Your function should typically return a `Flow` object if you want to continue chaining `Flow` methods, but it can return anything (e.g., a pandas DataFrame, a plot, a custom summary).

### Example: A custom function to filter and assign in one step

```python
def process_shots_custom(flow_object, min_xg=0.25):
    return (
        flow_object
        .filter(lambda r: r.get("type_name") == "Shot" and r.get("shot_xg", 0) >= min_xg)
        .assign(is_high_xg=True)
    )

high_xg_shots_flow = Flow(events).pipe(process_shots_custom, min_xg=0.25)

# Now you can continue chaining on high_xg_shots_flow or collect it:
result = high_xg_shots_flow.select("player_name", "shot_xg", "is_high_xg").collect()
```

### Example: Piping to a pandas function after converting

```python
def calculate_team_summary_with_pandas(flow_object):
    df = flow_object.to_pandas()
    # Now use pandas for more complex grouping/aggregation if needed
    return df.groupby("team_name")["shot_xg"].agg(["sum", "mean", "count"])

team_xg_summary_df = (
    events_flow.filter(lambda r: r.get("type_name") == "Shot")
    .pipe(calculate_team_summary_with_pandas)
)
print(team_xg_summary_df)
```

`.pipe()` is extremely powerful for integrating bespoke logic or leveraging functionalities from other libraries within your `Flow` pipeline.

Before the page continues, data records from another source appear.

Lemma hdist_ge1 x y : x != y -> (1 <= hdist x y)%N.
Proof.
move=> xy; apply: leq_trans _ (hdist_ge_probe (is_center x) x y (level_le x) (column_le x)).
have : (is_center x != is_center y) || (level x != level y) || (column x != column y).
  by apply: contraNT xy; rewrite !negb_or !negbK => /andP [/andP [/eqP e1 /eqP e2] /eqP e3]; rewrite (point_eq e1 e2 e3).
case hx: (is_center x); case hy: (is_center y) => /=.
- have := center_column hx; have := center_column hy; probe_lia.
- have := center_column hx; probe_lia.
- have := center_column hy; probe_lia.
- have := client_level_le (negbT hx); have := client_level_le (negbT hy); probe_lia.
Qed.

Lemma clients_neq_coords x y : ~~ is_center x -> ~~ is_center y -> x != y ->
  (level x != level y) || (column x != column y).
Proof.
move=> hx hy; apply: contraNT; rewrite !negb_or !negbK => /andP [/eqP e2 /eqP e3].
by rewrite (@point_eq x y) // (negbTE hx) (negbTE hy).
Qed.

Lemma hdist_clients_ge2 x y : ~~ is_center x -> ~~ is_center y -> x != y -> (2 <= hdist x y)%N.
Proof.
move=> hx hy /(clients_neq_coords hx hy) neq.
apply: leq_trans (hdist_ge_probe false x y (level_le x) (column_le x)).
by move: neq; rewrite (negbTE hx) (negbTE hy); probe_lia.
Qed.

Lemma hdist_center_ge l v : (1 <= l)%N -> (l <= L)%N -> ~~ is_center v -> level v != l ->
  (2 * l + ~~ ((level v == 0%N) && ((column v).+1 == l)) <= hdist (center l) v)%N.
Proof.
move=> h1 h2 hv hl; have [c1 c2 c3] := centerE h2.
apply: leq_trans (hdist_ge_probe true (center l) v h2 (leq0n (2 * L + 2))).
rewrite c1 c2 c3 (negbTE hv); move: hl; probe_lia.
Qed.

Lemma hdist_client_ge j s v : (j <= L)%N -> (j <= s)%N -> (s <= 2 * L + 2)%N ->
  ~~ is_center v -> (level v != j) || (j == 0%N) -> ~~ ((level v == 0%N) && (column v == s)) ->
  (2 * j + 1 + ~~ ((level v == 0%N) && ((column v).+1 == j)) <= hdist (client j s) v)%N.
Proof.
move=> h1 h2 h3 hv hl hs; have [c1 c2 c3] := clientE h1 h3 h2.
apply: leq_trans (hdist_ge_probe false (client j s) v h1 h3).
rewrite c1 c2 c3 (negbTE hv); move: hl hs; probe_lia.
Qed.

## Interoperability with Pandas

Pandas is a cornerstone of data analysis in Python. `Flow` provides easy ways to move data to and from pandas DataFrames.

### Converting to a Pandas DataFrame (`.to_pandas()`)

As seen in the previous section on IO, `.to_pandas()` consumes the `Flow` and returns a pandas DataFrame.

```python
df_events = Flow(events).filter(lambda r: r.get("period") == 1).to_pandas()
print(df_events.info())
```

### Generating Descriptive Statistics (`.describe()`)

`.describe(percentiles=..., include=..., exclude=...)` consumes the `Flow`, converts it to a pandas DataFrame internally, and then calls the DataFrame's `.describe()` method, returning a pandas DataFrame with summary statistics.

```python
# Assuming shots_flow contains only shot events
numeric_shot_stats = shots_flow.select(
    "shot_statsbomb_xg", "shot_end_location_x", "shot_end_location_y") \
                              .describe()
print(numeric_shot_stats)

# Describe specific columns or dtypes
all_event_description = events_flow.describe(include='object') # Describe object/string columns
```

This is a quick way to get an overview of your data's distribution, similar to pandas.DataFrame.describe().

These utility and interoperability methods make `Flow` a more complete and practical tool. They allow you to understand your data at various stages, customize processing with your own logic, and seamlessly integrate with the broader Python data science ecosystem, especially pandas.